# Hey friends ,im Luna : )



## LunaLoo (Nov 25, 2014)

Hello dear friends.Im new here and im so excited to be here : ))

Im from Serbia,thats one beautiful but still primitive country so its hard to be BBW here but im doing my best and hope to change that one day : )

Anyway,im sry if my english is bad...i learn it by myself and i hope its good enough to talk with ppl : )

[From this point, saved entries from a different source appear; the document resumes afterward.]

Lemma psi_iter_coord_pt_neg (k : nat) (z : R) : z < 0 ->
  iter_pt F (2 * k) (pt z) = pt (z / psi2_ratio a1 a2 ^ k).
Proof.
  intro Hz; pose proof (psi2_ratio_gt_1 a1 a2 Ha1 Ha12 Ha2) as HR.
  induction k as [|k IH]; [unfold iter_pt; simpl; f_equal; field|].
  unfold iter_pt in *; replace (2 * S k)%nat with (S (S (2 * k))) by lia; rewrite !Nat.iter_succ.
  pose proof (pow_lt (psi2_ratio a1 a2) k ltac:(lra)).
  rewrite IH, psi2_coord_pt_neg; [f_equal; simpl; field; split; apply Rgt_not_eq; lra|].
  unfold Rdiv; apply Ropp_lt_cancel; rewrite Ropp_0, Ropp_mult_distr_l.
  apply Rmult_lt_0_compat; [lra | apply Rinv_0_lt_compat; lra].
Qed.

End Dynamics.

Lemma cosh_DeltaK (n : nat) (P Q : point) : 0 < INR n * dK P Q ->
  cosh (DeltaK n P Q)
  = (exp (INR n * dK P Q) ^ 2 + 1) / (exp (INR n * dK P Q) ^ 2 - 1).
Proof.
  intro Hd; unfold DeltaK; set (K := exp (INR n * dK P Q)).
  assert (HK : 1 < K) by (unfold K; rewrite <- exp_0; apply exp_increasing, Hd).
  rewrite cosh_ln by (apply Rdiv_lt_0_compat; lra).
  field; repeat split; apply Rgt_not_eq; nra.
Qed.

Lemma DeltaK_pos (n : nat) (P Q : point) : 0 < INR n * dK P Q -> 0 < DeltaK n P Q.
Proof.
  intro Hd; unfold DeltaK; set (K := exp (INR n * dK P Q)).
  assert (HK : 1 < K) by (unfold K; rewrite <- exp_0; apply exp_increasing, Hd).
  apply exp_lt_inv; rewrite exp_0, exp_ln by (apply Rdiv_lt_0_compat; lra).
  apply (Rmult_lt_reg_r (K - 1)); [lra|]; field_simplify; lra.
Qed.

Lemma delta_eq (P1 P2 P : point) (m : R) : is_delta P1 P2 P m -> delta P1 P2 P = m.
Proof.
  intros [[S [HS [HSc HSm]]] Hmin]; unfold delta.
  destruct (epsilon_spec (inhabits 0) (is_delta P1 P2 P) (ex_intro _ m (conj
    (ex_intro _ S (conj HS (conj HSc HSm))) Hmin))) as [[S' [HS' [HS'c HS'm]]] Hmin'].
  pose proof (Hmin' S HS HSc); pose proof (Hmin S' HS' HS'c); lra.
Qed.

Lemma exp_INR_mult (n : nat) (x : R) : exp (INR n * x) = exp x ^ n.
Proof.
  induction n as [|n IH]; [simpl; rewrite Rmult_0_l; apply exp_0|].
  rewrite S_INR, Rmult_plus_distr_r, Rmult_1_l, exp_plus, IH; simpl; ring.
Qed.

Section LerpDistances.
Variables v1 v2 : point.
Hypotheses (Hv1 : onS1 v1) (Hv2 : onS1 v2) (Hv12 : v1 <> v2).

Lemma one_sub_dot_lerp_lerp (s t : R) :
  1 - dot (lerp v1 v2 s) (lerp v1 v2 t) = (s + t - 2 * s * t) * sqdist v1 v2 / 2.
Proof.
  rewrite sqdist_onS1 by assumption; rewrite onS1_iff in Hv1, Hv2.
  transitivity (1 - dot v1 v1 - (s + t) * (dot v1 v2 - dot v1 v1)
                - s * t * (dot v1 v1 - 2 * dot v1 v2 + dot v2 v2));
    [unfold dot, lerp; simpl; ring|].
  rewrite Hv1, Hv2; field.
Qed.

Lemma exp_dK_lerp (a1 a2 : R) : 0 < a1 -> a1 < a2 -> a2 < 1 ->
  exp (2 * dK (lerp v1 v2 a1) (lerp v1 v2 a2)) = psi2_ratio a1 a2.
Proof.
  intros Ha1 Ha12 Ha2; pose proof (psi2_ratio_gt_1 a1 a2 Ha1 Ha12 Ha2) as HR.
  pose proof (sqdist_pos v1 v2 Hv12) as HE.
  assert (Hln : 0 < ln (psi2_ratio a1 a2)) by (apply exp_lt_inv; rewrite exp_0, exp_ln; lra).
  replace (dK (lerp v1 v2 a1) (lerp v1 v2 a2)) with (/ 2 * Rabs (ln (psi2_ratio a1 a2))).
  { rewrite Rabs_right by lra; replace (2 * (/ 2 * ln (psi2_ratio a1 a2)))
      with (ln (psi2_ratio a1 a2)) by field; apply exp_ln; lra. }
  apply Rsqr_cosh_inj; [pose proof (Rabs_pos (ln (psi2_ratio a1 a2))); lra | apply dK_nonneg |].
  rewrite Rsqr_cosh_half_abs_ln, cosh_dK by (try apply inD_lerp_iff; auto; try lra;
    intro E; apply lerp_inj in E; auto; lra).
  rewrite !one_sub_norm_lerp, one_sub_dot_lerp_lerp by auto.
  unfold psi2_ratio; field; repeat split; apply Rgt_not_eq; nra.
Qed.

Im rly happy to be here and im hoping to get some new friends :wubu:
I just wanted to introduce myself first and now i ll go around a forum to see what you wrote 

:kiss2: :kiss2:


----------



## ssbbw_lovers (Nov 30, 2014)

Hi, welcome on this site.
I'm from Italy, and isn't easy to be fat or admirers of big sizes here too. 
Compliments for your English you don't need to apologize, it is better of much people which studied it at school (I'm one of them...)
Compliments for your beautiful face.


----------



## Green Eyed Fairy (Nov 30, 2014)

Hi Luna! Welcome to the Forums. Hope you have fun


----------



## LunaLoo (Dec 1, 2014)

Thank You ,its rly nice to be here : )
By the way i like Italy i was there few times and i know...its same like here,hope one day that will be changed : )


----------



## bullsman812000 (Dec 10, 2014)

Hi Luna you sure are nice looking lady have you lived in Texas


----------



## LunaLoo (Dec 21, 2014)

Thank You ,i wish i did


----------



## BCHolly (Dec 21, 2014)

Hi Luna  what a lovely name xxx


----------



## AmyJo1976 (Jan 1, 2015)

Hi Luna, welcome to the forums. I think you'll fit right in here.


----------



## CastingPearls (Jan 1, 2015)

Hi Luna! Welcome!


----------



## lucca23v2 (Jan 2, 2015)

Welcome Luna! Enjoy Dims! It is a great place.


----------



## OHFA (Jan 7, 2015)

Hi and welcome.


----------



## blackcaesarbhm (Jan 13, 2015)

Hello and welcome to Dims..


----------



## BBW MeganLynn44DD (Aug 11, 2015)

Welcome to the site!Enjoy,lots of friendly,great people!


----------



## Czech (Aug 21, 2015)

You are very fluent for someone who was not brought up speaking English. Did you study English or is it taught commonly where you live?


----------



## AmpleAurora (Jun 17, 2016)

Welcome!


----------